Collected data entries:
Lemma grad_le_supp x i j : stationary cj md re Kreg x -> Defs.card x = K ->
  x j 0 = 0 -> x i 0 != 0 -> md (grad x j 0) <= md (x i 0).
Proof.
move=> st card_x xj0 xi0; set w := grad x j 0; set mu := md w; set xi := md (x i 0).
rewrite leNgt; apply/negP => xi_lt.
have xi_gt0 : 0 < xi by apply: md_gt0.
have mu_gt0 : 0 < mu by apply: lt_trans xi_lt.
have Nw0 : - w != 0 by rewrite oppr_eq0 -md_eq0E gt_eqF.
have xi_mu_gt0 : 0 < xi / mu by rewrite divr_gt0.
suff : 0 <= 2 * mu * xi + 2 * re (cj w * - w).
  by rewrite mulrN raddfN -sqr_md -/mu; nra.
apply: (stationary_coord_ge0 (E := 3 * mu ^+ 2) st Nw0 xi_mu_gt0) => t t_gt0.
rewrite ltr_pdivlMr // => t_lt; set y := x + coordv j (iota t * - w).
have tmu_gt0 : 0 < t * mu by rewrite mulr_gt0.
have yj : md (y j 0) = t * mu.
  by rewrite addv_coordvE eqxx xj0 add0r md_iotaM mdN gtr0_norm.
have yl l : l != j -> y l 0 = x l 0 by move=> /negPf lj; rewrite addv_coordvE lj.
have supp_x l v : 0 <= v -> v < md (y l 0) -> l != j -> x l 0 != 0.
  by move=> v_ge0 v_lt /yl yx; rewrite -md_eq0E -yx gt_eqF // (le_lt_trans v_ge0).
have tail_le : \sum_(K.+1 <= l < n.+1) xt md y l <= t * mu.
  apply: sum_xt_tail_le => //; first exact: ltW.
    rewrite -card_x; apply: subset_leq_card; apply/fintype.subsetP => l; rewrite !inE.
    case: (eqVneq l j) => [-> | lj tmu_lt]; first by rewrite yj ltxx.
    exact: supp_x (ltW tmu_gt0) tmu_lt lj.
  by rewrite card_md -card_x card_add_coordv.
have top_le : xt md y K <= xi.
  apply: xt_le_of_card => //; first exact: ltW.
  rewrite -card_x /Defs.card (cardsD1 i [set l | x l 0 != 0]) inE xi0 add1n ltnS.
  apply: subset_leq_card; apply/fintype.subsetP => l; rewrite !inE.
  case: (eqVneq l j) => [-> | lj xi_lt_l]; first by rewrite yj ltNge ltW.
  apply/andP; split; last exact: supp_x (ltW xi_gt0) xi_lt_l lj.
  by rewrite (yl _ lj) in xi_lt_l; apply: contraTneq xi_lt_l => ->; rewrite ltxx.
have := Q2_le_tail md_ge0 y K_gt0 Kn; have := Q2_ge0 md_ge0 x K_gt0.
have := xt_ge0 md_ge0 y K.
have : 0 <= \sum_(K.+1 <= l < n.+1) xt md y l by rewrite sumr_ge0 // => l _; apply: xt_ge0.
nra.
Qed.

Lemma gdstep_supp x j : stationary cj md re Kreg x -> (Defs.card x <= K)%N ->
  x j 0 != 0 -> gdstep x j 0 = x j 0.
Proof.
move=> st card_x xj0; rewrite gdstep_entry (grad_eq0 st) ?subr0 // => a.
exact: leq_trans (card_add_coordv_supp _ xj0) card_x.
Qed.

Lemma gdstep_eq0 x j : stationary cj md re Kreg x -> (Defs.card x < K)%N ->
  x j 0 = 0 -> gdstep x j 0 = 0.
Proof.
move=> st card_x xj0; rewrite gdstep_entry xj0 (grad_eq0 st) ?subr0 // => a.
exact: leq_trans (card_add_coordv _ _ _) card_x.
Qed.

Lemma gdstep_off_le x i j : stationary cj md re Kreg x -> (Defs.card x <= K)%N ->
  x j 0 = 0 -> x i 0 != 0 -> md (gdstep x j 0) <= md (x i 0).
Proof.
move=> st card_x xj0 xi0; case: (ltnP (Defs.card x) K) => [lt_K | ge_K].
  by rewrite gdstep_eq0 // md0.
rewrite gdstep_entry xj0 sub0r mdN; apply: grad_le_supp => //.
by apply/eqP; rewrite eqn_leq card_x.
Qed.

Section TwoStationaryPoints.
Variables (x1 x2 : 'cV[F]_n) (beta2 : R).
Hypotheses (st1 : stationary cj md re Kreg x1) (st2 : stationary cj md re Kreg x2).
Hypotheses (card_x1 : Defs.card x1 = K) (card_x2 : (Defs.card x2 <= K)%N).
Hypothesis restricted_isometry : forall v : 'cV[F]_n,
  (Defs.card v <= 2 * K)%N -> beta2 * sqnorm md v <= sqnorm md (A *m v).
Hypothesis gap : xt md (gdstep x1) K.+1 < (2 * beta2 - 1) * xt md (gdstep x1) K.

Local Notation z1 := (gdstep x1).
Local Notation z2 := (gdstep x2).
Local Notation d := (x1 - x2).
Let S1 := [set i | x1 i 0 != 0].
Let S2 := [set i | x2 i 0 != 0].
Let only1 := S1 :\: S2.
Let only2 := S2 :\: S1.
Let phi i := re (cj (d i 0) * (z1 i 0 - z2 i 0)) - (1 - beta2) * md (d i 0) ^+ 2.

Lemma in_only1 i : (i \in only1) = (x1 i 0 != 0) && (x2 i 0 == 0).
Proof. by rewrite !inE negbK andbC. Qed.

Lemma in_only2 i : (i \in only2) = (x1 i 0 == 0) && (x2 i 0 != 0).
Proof. by rewrite !inE negbK. Qed.

Lemma beta2_gt_half : 1 < 2 * beta2.
Proof.
rewrite ltNge; apply/negP => B_le.
have : (2 * beta2 - 1) * xt md z1 K <= 0 by rewrite mulr_le0_ge0 ?xt_ge0 // subr_le0.
by move=> /(lt_le_trans gap); rewrite ltNge xt_ge0.
Qed.

Lemma sum_phi_le0 : \sum_i phi i <= 0.
Proof.
have card_d : (Defs.card d <= 2 * K)%N.
  apply: leq_trans (_ : #|S1 :|: S2| <= _)%N.
    apply: subset_leq_card; apply/fintype.subsetP => l; rewrite !inE !mxE.
    by apply: contraR; rewrite negb_or !negbK => /andP[/eqP -> /eqP ->]; rewrite subrr.
  have cS1 : #|S1| = K := card_x1; have cS2 : (#|S2| <= K)%N := card_x2.
  by rewrite cardsU; lia.
have z12 : z1 - z2 = d - adj cj A *m (A *m d).
  have -> : A *m d = (A *m x1 - b) - (A *m x2 - b) by rewrite mulmxBr opprB addrA subrK.
  rewrite mulmxBr /gdstep; set w1 := adj cj A *m _; set w2 := adj cj A *m _.
  by apply/matrixP => i k; rewrite !mxE; ring.
have -> : \sum_i phi i = reinner cj re d (z1 - z2) - (1 - beta2) * sqnorm md d.
  rewrite reinnerE /sqnorm mulr_sumr -sumrB; apply: eq_bigr => i _.
  by rewrite /phi !mxE.
rewrite z12 reinnerBr -sqnormE reinnerC reinner_adj -sqnormE.
by have := restricted_isometry card_d; lra.
Qed.

Lemma z1_top i j : i \in S1 -> j \notin S1 -> md (z1 j 0) <= md (z1 i 0).
Proof.
rewrite !inE negbK => x1i0 /eqP x1j0.
rewrite (gdstep_supp st1 (eq_leq card_x1) x1i0).
exact: gdstep_off_le st1 (eq_leq card_x1) x1j0 x1i0.
Qed.

Lemma d_entry i : d i 0 = x1 i 0 - x2 i 0.
Proof. by rewrite !mxE. Qed.

Lemma phi_both i : x1 i 0 != 0 -> x2 i 0 != 0 -> phi i = beta2 * md (d i 0) ^+ 2.
Proof.
move=> x1i0 x2i0; rewrite /phi (gdstep_supp st1 (eq_leq card_x1) x1i0).
by rewrite (gdstep_supp st2 card_x2 x2i0) -d_entry -sqr_md; ring.
Qed.

Lemma phi_out i : i \notin only1 -> i \notin only2 -> 0 <= phi i.
Proof.
rewrite in_only1 in_only2.
case: (eqVneq (x1 i 0) 0) => x1i0; case: (eqVneq (x2 i 0) 0) => x2i0 //= _ _.
  by rewrite /phi d_entry x1i0 x2i0 subrr rmorph0 mul0r raddf0 md0 expr0n /= mulr0 subrr.
by rewrite phi_both // mulr_ge0 ?sqr_ge0 //; have := beta2_gt_half; lra.
Qed.

Lemma phi_only1_ge i : x1 i 0 != 0 -> x2 i 0 = 0 ->
  beta2 * md (z1 i 0) ^+ 2 - md (z1 i 0) * md (z2 i 0) <= phi i.
Proof.
move=> x1i0 x2i0; rewrite /phi d_entry x2i0 subr0 -(gdstep_supp st1 (eq_leq card_x1) x1i0).
by rewrite mulrBr raddfB -sqr_md; have := re_cjM_le (z1 i 0) (z2 i 0); lra.
Qed.

Lemma phi_only2_ge j : x1 j 0 = 0 -> x2 j 0 != 0 ->
  beta2 * md (z2 j 0) ^+ 2 - md (z2 j 0) * md (z1 j 0) <= phi j.
Proof.
move=> x1j0 x2j0; rewrite /phi d_entry x1j0 sub0r -(gdstep_supp st2 card_x2 x2j0).
rewrite mdN rmorphN mulNr mulrBr raddfN raddfB -sqr_md.
by have := re_cjM_le (z2 j 0) (z1 j 0); lra.
Qed.

Lemma phi_pair i j : i \in only1 -> j \in only2 -> 0 < phi i + phi j.
Proof.
rewrite in_only1 in_only2 => /andP[x1i0 /eqP x2i0] /andP[/eqP x1j0 x2j0].
have cS1 : #|S1| = K := card_x1.
have p_ge : xt md z1 K <= md (z1 i 0).
  by rewrite -cS1; apply: (xt_le_top md_ge0 z1_top); rewrite inE.
have s_le : md (z1 j 0) <= xt md z1 K.+1.
  by rewrite -cS1; apply: (nontop_le_xt md_ge0 z1_top); rewrite inE negbK x1j0.
have q_le : md (z2 i 0) <= md (z2 j 0).
  by rewrite (gdstep_supp st2 card_x2 x2j0); apply: gdstep_off_le.
have r_gt0 : 0 < md (z2 j 0) by rewrite (gdstep_supp st2 card_x2 x2j0) md_gt0.
have := phi_only1_ge x1i0 x2i0; have := phi_only2_ge x1j0 x2j0; have := beta2_gt_half.
have := md_ge0 (z2 i 0); have := md_ge0 (z1 j 0); have := md_ge0 (z1 i 0).
set p := md (z1 i 0); set q := md (z2 i 0); set r := md (z2 j 0); set s := md (z1 j 0).
move=> p_ge0 s_ge0 q_ge0 beta2_gt phi_j_ge phi_i_ge.
(* By the gap, [r * s < (2 beta2 - 1) * p * r]; what remains is [beta2 * (p - r)^2]. *)
have e1 : p * q <= p * r by rewrite ler_wpM2l.
have e2 : r * s < r * ((2 * beta2 - 1) * p).
  have c_lt : xt md z1 K.+1 < (2 * beta2 - 1) * p.
    by apply: lt_le_trans gap _; rewrite ler_wpM2l //; lra.
  by apply: le_lt_trans (ler_wpM2l (ltW r_gt0) s_le) _; rewrite ltr_pM2l.
have : 0 <= beta2 * (p - r) ^+ 2 by rewrite mulr_ge0 ?sqr_ge0 //; lra.
nra.
Qed.

Lemma phi_only1_gt0 i : (Defs.card x2 < K)%N -> i \in only1 -> 0 < phi i.
Proof.
move=> card_lt; rewrite in_only1 => /andP[x1i0 /eqP x2i0].
have := phi_only1_ge x1i0 x2i0; rewrite (gdstep_eq0 st2 card_lt x2i0) md0 mulr0 subr0.
have : 0 < md (z1 i 0) by rewrite (gdstep_supp st1 (eq_leq card_x1) x1i0) md_gt0.
have := beta2_gt_half; nra.
Qed.

Lemma card_only :
  (#|only2| <= #|only1|)%N /\ ((#|only2| < #|only1|)%N -> (Defs.card x2 < K)%N).
Proof.
have cS1 : #|S1| = K := card_x1; have cS2 : (#|S2| <= K)%N := card_x2.
have := subset_leq_card (subsetIr S1 S2).
by rewrite /only1 /only2 !cardsD (finset.setIC S2 S1) -[Defs.card x2]/#|S2|; lia.
Qed.

Lemma sum_phi_gt0 : x1 != x2 -> 0 < \sum_i phi i.
Proof.
move=> x12; have [only21_le only21_lt] := card_only.
case: (posnP #|only1|) => [only1_0 | only1_gt0]; last first.
  apply: (sum_gt0_pairing _ only1_gt0 only21_le phi_out phi_pair
    (fun h i => @phi_only1_gt0 i (only21_lt h))).
  rewrite finset.disjoints_subset; apply/fintype.subsetP => i.
  by rewrite in_only1 finset.in_setC in_only2 => /andP[/negPf ->].
have only2_0 : #|only2| = 0%N by lia.
have out i : (i \notin only1) && (i \notin only2).
  by rewrite (cards0_eq only1_0) (cards0_eq only2_0) !inE.
have [i0 di0] : exists i0, d i0 0 != 0 by apply/cV0Pn; rewrite subr_eq0.
apply: (psumr_gt0 (i0 := i0)) => // [|i _]; last by case/andP: (out i); apply: phi_out.
case/andP: (out i0); rewrite in_only1 in_only2; move: di0; rewrite d_entry.
case: (eqVneq (x1 i0 0) 0) => [-> | x1i0]; case: (eqVneq (x2 i0 0) 0) => [-> | x2i0] //=.
  by rewrite subrr eqxx.
move=> di0 _ _; rewrite phi_both // mulr_gt0 ?exprn_gt0 ?md_gt0 ?d_entry //.
by have := beta2_gt_half; lra.
Qed.

Lemma stationary_eq : x1 = x2.
Proof.
apply/eqP; apply: contraT => x12.
by have := sum_phi_gt0 x12; have := sum_phi_le0; lra.
Qed.

End TwoStationaryPoints.

End LeastSquares.

Lemma thm53_claim_holds : thm53_claim cj md re.
Proof.
move=> m n A b K x1 x2 K_gt0 st1 card_x1 z' gap x21 st2.
have Kn : (K <= n)%N by rewrite -card_x1 -[X in (_ <= X)%N]card_ord max_card.
rewrite ltnNge; apply/negP => card_x2.
rewrite /z' gdstepE in gap.
have x12 : x1 = x2.
  apply: (stationary_eq K_gt0 Kn st1 st2 card_x1 card_x2 _ gap) => v card_v.
  exact: beta_sqnorm_le.
by rewrite x12 eqxx in x21.
Qed.

End ScalarModel.

Section ComplexModel.
Variable R : realType.
Local Open Scope complex_scope.
Implicit Types x y : R[i].

Lemma normc_ge0 x : 0 <= Normc.normc x.
Proof. by case: x => a b; apply: sqrtr_ge0. Qed.

Lemma sqr_normc x : Normc.normc x ^+ 2 = complex.Re (x^* * x).
Proof. by case: x => a b /=; rewrite sqr_sqrtr ?addr_ge0 ?sqr_ge0 //; ring. Qed.

Lemma Re_conjc x : complex.Re x^* = complex.Re x.
Proof. by case: x. Qed.

Lemma Re_conjcM_le x y : complex.Re (x^* * y) <= Normc.normc x * Normc.normc y.
Proof.
case: x y => a b [c d] /=; rewrite -sqrtrM ?addr_ge0 ?sqr_ge0 //.
apply: le_trans (ler_norm _) _; rewrite -sqrtr_sqr ler_sqrt ?mulr_ge0 ?addr_ge0 ?sqr_ge0 //.
by have := sqr_ge0 (a * d - b * c); nra.
Qed.

Lemma Re_realM (t : R) x : complex.Re (t%:C * x) = t * complex.Re x.
Proof. by case: x => a b /=; ring. Qed.

End ComplexModel.

Theorem theorem5p3 (R : realType) :
  thm53_claim (F := R) id (fun x => `|x|) id /\
  thm53_claim (F := R[i]) (@conjc R) (@Normc.normc R) (@complex.Re R).
Proof.
split.
- apply: (thm53_claim_holds (cj := idfun) (md := Num.norm) (re := idfun) (iota := idfun))
    => // [a /eqP | a | a b].
  + by rewrite normr_eq0 => /eqP.
  + by rewrite real_normK ?num_real.
  + by rewrite -normrM ler_norm.
- apply: (@thm53_claim_holds R R[i] (@conjc R) _ (@complex.Re R) (real_complex R)).
  + exact: normc_ge0.
  + exact: Normc.eq0_normc.
  + exact: sqr_normc.
  + exact: Re_conjc.
  + exact: conjcK.
  + exact: Re_conjcM_le.
  + exact: Re_realM.
  + exact: conjc_real.
Qed.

__Your task__
Would you please repeat exactly the lines above, starting at the line with "apply: (stationary_eq K_gt0" and stopping at the line with "Lemma sqr_normc x", both included?

__Solution for this problem__
  apply: (stationary_eq K_gt0 Kn st1 st2 card_x1 card_x2 _ gap) => v card_v.
  exact: beta_sqnorm_le.
by rewrite x12 eqxx in x21.
Qed.

End ScalarModel.

Section ComplexModel.
Variable R : realType.
Local Open Scope complex_scope.
Implicit Types x y : R[i].

Lemma normc_ge0 x : 0 <= Normc.normc x.
Proof. by case: x => a b; apply: sqrtr_ge0. Qed.

Lemma sqr_normc x : Normc.normc x ^+ 2 = complex.Re (x^* * x).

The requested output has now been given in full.